Around 1 a.m., a 60-foot-high earthen wall surrounding a solid-waste containment area collapses. A mudflow wave of 1.1 billion gallons of coal ash slurry breaks free. The sludge flows into nearby tributaries of the Tennessee River and quickly covers approximately 300 acres of land up to six feet high.

The Kingston Fossil Plant incident of 2008 was the largest coal-related slurry spill in U.S. history. The goop released was enough to fill 1,660 Olympic-sized swimming pools, and its volume exceeded that of the 1989 Exxon Valdez oil spill by 50 times. Estimated cleanup costs ranged from $675 million to $975 million. The spill was a headline-grabbing case in point of the hidden health and environmental costs of energy production and consumption in the United States.

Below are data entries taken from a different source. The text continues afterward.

Lemma dominating_self V : dominating e V V.
Proof. by apply/dominatingP; split=> // v vV; exists v; rewrite ?mem_cnbhd_self. Qed.

Lemma dominating_setD1 V D u :
  dominating e V D -> u \notin D -> dominating e (V :\ u) D.
Proof.
move=> /dominatingP[sDV domD] uD; apply/dominatingP; split.
  by apply/subsetP => d dD; rewrite !inE (subsetP sDV) // andbT; apply: contraNneq uD => <-.
by move=> v /setD1P[_ vV]; apply: domD.
Qed.

Lemma dominating_imset f D : injective f -> {mono f : x y / e x y} ->
  dominating e setT D -> dominating e setT (f @: D).
Proof.
move=> f_inj f_mono /dominatingP[_ domD]; apply/dominatingP; split=> [|v _].
  exact: subsetT.
have [g fK gK] := injF_bij f_inj; have -> : v = f (g v) by rewrite gK.
have [d dD gv_d] := domD (g v) (in_setT _); exists (f d); first exact: imset_f.
by move: gv_d; rewrite !inE (inj_eq f_inj) f_mono.
Qed.

Lemma efficient_notin D d1 d2 v : efficient D -> d1 \in D -> d1 != d2 ->
  v \in cnbhd d1 -> v \in cnbhd d2 -> d2 \notin D.
Proof.
move=> effD d1D d1_neq_d2 vd1 vd2; apply: contra d1_neq_d2 => d2D.
by apply/eqP; apply: effD vd1 vd2.
Qed.

Lemma gamma_on_min V D : dominating e V D -> gamma_on e V <= #|D|.
Proof.
move=> domD; rewrite /gamma_on; have: D \in index_enum {set T} by rewrite mem_index_enum.
elim: (index_enum _) => // D' s IHs; rewrite inE big_cons => /orP[/eqP<- | /IHs].
  by rewrite domD geq_minl.
by case: ifP => // _; apply: leq_trans (geq_minr _ _).
Qed.

Lemma gamma_on_lb V c :
  (forall D, dominating e V D -> c <= #|D|) -> c <= gamma_on e V.
Proof.
move=> lbD; rewrite /gamma_on; elim/big_ind: _ => // [|x y].
  exact/lbD/dominating_self.
by rewrite leq_min => -> ->.
Qed.

Lemma sum_card_dominators k V D : (forall d, #|cnbhd d| <= k) ->
  \sum_(v in V) #|dominators D v| <= k * #|D|.
Proof.
move=> cnbhd_le; rewrite mulnC -sum_nat_const.
have -> : \sum_(v in V) #|dominators D v| = \sum_(d in D) #|cnbhd d :&: V|.
  rewrite (eq_bigr (fun v => \sum_(d in D) (v \in cnbhd d))); last first.
    move=> v _; rewrite -sum1_card big_mkcond [RHS]big_mkcond /=.
    by apply: eq_bigr => d _; rewrite inE; case: (d \in D).
  rewrite exchange_big /=; apply: eq_bigr => d _.
  rewrite -sum1_card [RHS]big_mkcond [LHS]big_mkcond /=; apply: eq_bigr => v _.
  by rewrite in_setI andbC; case: (v \in V).
apply: leq_sum => d _; apply: leq_trans (cnbhd_le d); exact/subset_leq_card/subsetIl.
Qed.

Lemma card_dominators_gt0 V D v :
  dominating e V D -> v \in V -> 0 < #|dominators D v|.
Proof.
by case/dominatingP=> _ /[apply] -[d dD vd]; apply/card_gt0P; exists d; rewrite inE dD.
Qed.

Lemma card_dominating_le k V D : (forall d, #|cnbhd d| <= k) ->
  dominating e V D -> #|V| <= k * #|D|.
Proof.
move=> cnbhd_le domD; apply: leq_trans (sum_card_dominators V D cnbhd_le).
by rewrite -sum1_card leq_sum // => v; apply: card_dominators_gt0.
Qed.

(* Equality in the double count behind [card_dominating_le] forces every vertex
   to have exactly one dominator. *)
Lemma efficient_of_card k D : (forall d, #|cnbhd d| <= k) ->
  dominating e setT D -> k * #|D| <= #|T| -> efficient D.
Proof.
move=> cnbhd_le domD le_kD v d1 d2 d1D d2D vd1 vd2.
have one_dominator : forall w, #|dominators D w| = 1.
  have [le_sum eq_sum] := leqif_sum (P := fun w => w \in setT)
    (fun w w_in => leqif_eq (card_dominators_gt0 domD w_in)).
  rewrite sum1_card in le_sum eq_sum.
  have: #|[set: T]| == \sum_(w in setT) #|dominators D w|.
    by rewrite eqn_leq le_sum (leq_trans (sum_card_dominators _ _ cnbhd_le)) ?cardsT.
  by rewrite eq_sum => /forall_inP one w; rewrite -(eqP (one w (in_setT w))).
apply/eqP/negPn/negP => d1_neq_d2.
have: #|[set d1; d2]| <= #|dominators D v|.
  by apply/subset_leq_card/subsetP => d /set2P[]->; rewrite inE ?d1D ?vd1 ?d2D ?vd2.
by rewrite cards2 d1_neq_d2 one_dominator.
Qed.

Lemma gamma_on_gt_of_not_efficient k c : (forall d, #|cnbhd d| <= k) ->
  (forall D, dominating e setT D -> ~ efficient D) -> k * c <= #|T| ->
  c < gamma_on e setT.
Proof.
move=> cnbhd_le not_efficient le_kc; apply: gamma_on_lb => D domD.
rewrite ltnNge; apply/negP => le_Dc; apply: (not_efficient D domD).
exact: efficient_of_card cnbhd_le domD (leq_trans (leq_mul (leqnn k) le_Dc) le_kc).
Qed.

Lemma gamma_stable_of_avoiding k c : (forall d, #|cnbhd d| <= k) ->
  k * c.-1 < #|T|.-1 ->
  (forall u, exists2 D, dominating e setT D & #|D| <= c /\ u \notin D) ->
  gamma_stable e setT.
Proof.
move=> cnbhd_le lt_kc avoid u _; have [D domD [le_Dc uD]] := avoid u.
have gamma_ge V : #|T|.-1 <= #|V| -> c <= gamma_on e V.
  move=> le_V; apply: gamma_on_lb => D' domD'.
  apply: contraTT (leq_trans le_V (card_dominating_le cnbhd_le domD')).
  rewrite -!ltnNge => lt_D'c; apply: leq_ltn_trans lt_kc.
  by rewrite leq_mul2l -ltnS prednK ?lt_D'c ?orbT // (leq_ltn_trans _ lt_D'c).
have card_Tu : #|[set: T] :\ u| = #|T|.-1 by rewrite -cardsT (cardsD1 u [set: T]) in_setT.
apply/eqP; rewrite eqn_leq; apply/andP; split.
  apply: leq_trans (gamma_on_min (dominating_setD1 domD uD)) (leq_trans le_Dc _).
  by apply: gamma_ge; rewrite cardsT leq_pred.
apply: leq_trans (gamma_on_min domD) (leq_trans le_Dc _).
by apply: gamma_ge; rewrite card_Tu.
Qed.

Catastrophes aside, there are also less-publicized daily costs far, far greater than that cleanup. Carnegie Mellon President Jared Cohon chaired a U.S. National Research Council committee that issued a report estimating those "hidden" costs of energy production and use. The committee quantified an estimated $120 billion damages annually in the United States—an astronomical cost that primarily reflects health damages from air pollution. Electricity generation and motor vehicle transportation were at the forefront:

  • $62 billion in damages from sulfur dioxide, nitrogen oxides, and particulate matter created by burning coal at 406 coal-fired power plants, which produce 95 percent of the nation's coal-generated electricity

  • $56 billion in health and other nonclimate-related damages from transportation, which relies almost exclusively on oil and accounts for nearly 30 percent of U.S. energy demand.

The report was requested by Congress.